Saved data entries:
..........

(* Let $\Gamma^{(1)}$ and $\Gamma^{(2)}$ be finite undirected simple graphs. Then the group $G_{\Gamma^{(1)}\ast\Gamma^{(2)}}$ associated to their simplicial join is isomorphic to the direct product $G_{\Gamma^{(1)}}\times G_{\Gamma^{(2)}}$. More generally, for finite undirected simple graphs $\Gamma^{(1)},\dots,\Gamma^{(k)}$, $G_{\ast_{i=1}^k\Gamma^{(i)}}\cong\prod_{i=1}^k G_{\Gamma^{(i)}}$.
   Context: For a finite undirected simple graph $\Gamma$ with vertex set $\{x_1,\dots,x_n\}$ and edge set $E$, the group $G_\Gamma$ is defined by the presentation with generators $x_1,\dots,x_n$ and $y_{i,j}$ for each pair $i<j$ with $x_ix_j\notin E$, and relations $[x_j,x_i]=1$ if $x_ix_j\in E$; $[x_j,x_i]=y_{i,j}$ if $x_ix_j\notin E$ and $i<j$; and $[x_l,y_{i,j}]=1$ for all $l$ and all such $y_{i,j}$. The simplicial join $\ast_{i=1}^k\Gamma_i$ of graphs $\Gamma_i(V_i,E_i)$ is the graph with vertex set $\bigsqcup_i V_i$ and edge set $\bigsqcup_i E_i\cup\{vw: v\in V_i, w\in V_j, i<j\}$. *)

From mathcomp Require Import all_boot.
Set Implicit Arguments. Unset Strict Implicit. Unset Printing Implicit Defensive.

Record sgroup := SGroup {
  sg_car : Type;
  sg_eqv : sg_car -> sg_car -> Prop;
  sg_mul : sg_car -> sg_car -> sg_car }.

Definition sg_iso (G H : sgroup) : Prop :=
  exists f : sg_car G -> sg_car H,
    [/\ (forall u v, sg_eqv u v -> sg_eqv (f u) (f v)),
        (forall u v, sg_eqv (f (sg_mul u v)) (sg_mul (f u) (f v))),
        (forall u v, sg_eqv (f u) (f v) -> sg_eqv u v)
      & (forall w, exists u, sg_eqv (f u) w)].

Definition sg_prod2 (G H : sgroup) : sgroup :=
  @SGroup (sg_car G * sg_car H)
    (fun a b => sg_eqv a.1 b.1 /\ sg_eqv a.2 b.2)
    (fun a b => (sg_mul a.1 b.1, sg_mul a.2 b.2)).

Definition sg_prod (k : nat) (G : 'I_k -> sgroup) : sgroup :=
  @SGroup (forall i, sg_car (G i))
    (fun a b => forall i, sg_eqv (a i) (b i))
    (fun a b => fun i => sg_mul (a i) (b i)).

..........

▶ YOUR TASK
Nothing in the entries should be left out; please reproduce them all exactly.

▶ SOLUTION TO THIS TASK
(* Let $\Gamma^{(1)}$ and $\Gamma^{(2)}$ be finite undirected simple graphs. Then the group $G_{\Gamma^{(1)}\ast\Gamma^{(2)}}$ associated to their simplicial join is isomorphic to the direct product $G_{\Gamma^{(1)}}\times G_{\Gamma^{(2)}}$. More generally, for finite undirected simple graphs $\Gamma^{(1)},\dots,\Gamma^{(k)}$, $G_{\ast_{i=1}^k\Gamma^{(i)}}\cong\prod_{i=1}^k G_{\Gamma^{(i)}}$.
   Context: For a finite undirected simple graph $\Gamma$ with vertex set $\{x_1,\dots,x_n\}$ and edge set $E$, the group $G_\Gamma$ is defined by the presentation with generators $x_1,\dots,x_n$ and $y_{i,j}$ for each pair $i<j$ with $x_ix_j\notin E$, and relations $[x_j,x_i]=1$ if $x_ix_j\in E$; $[x_j,x_i]=y_{i,j}$ if $x_ix_j\notin E$ and $i<j$; and $[x_l,y_{i,j}]=1$ for all $l$ and all such $y_{i,j}$. The simplicial join $\ast_{i=1}^k\Gamma_i$ of graphs $\Gamma_i(V_i,E_i)$ is the graph with vertex set $\bigsqcup_i V_i$ and edge set $\bigsqcup_i E_i\cup\{vw: v\in V_i, w\in V_j, i<j\}$. *)

From mathcomp Require Import all_boot.
Set Implicit Arguments. Unset Strict Implicit. Unset Printing Implicit Defensive.

Record sgroup := SGroup {
  sg_car : Type;
  sg_eqv : sg_car -> sg_car -> Prop;
  sg_mul : sg_car -> sg_car -> sg_car }.

Definition sg_iso (G H : sgroup) : Prop :=
  exists f : sg_car G -> sg_car H,
    [/\ (forall u v, sg_eqv u v -> sg_eqv (f u) (f v)),
        (forall u v, sg_eqv (f (sg_mul u v)) (sg_mul (f u) (f v))),
        (forall u v, sg_eqv (f u) (f v) -> sg_eqv u v)
      & (forall w, exists u, sg_eqv (f u) w)].

Definition sg_prod2 (G H : sgroup) : sgroup :=
  @SGroup (sg_car G * sg_car H)
    (fun a b => sg_eqv a.1 b.1 /\ sg_eqv a.2 b.2)
    (fun a b => (sg_mul a.1 b.1, sg_mul a.2 b.2)).

Definition sg_prod (k : nat) (G : 'I_k -> sgroup) : sgroup :=
  @SGroup (forall i, sg_car (G i))
    (fun a b => forall i, sg_eqv (a i) (b i))
    (fun a b => fun i => sg_mul (a i) (b i)).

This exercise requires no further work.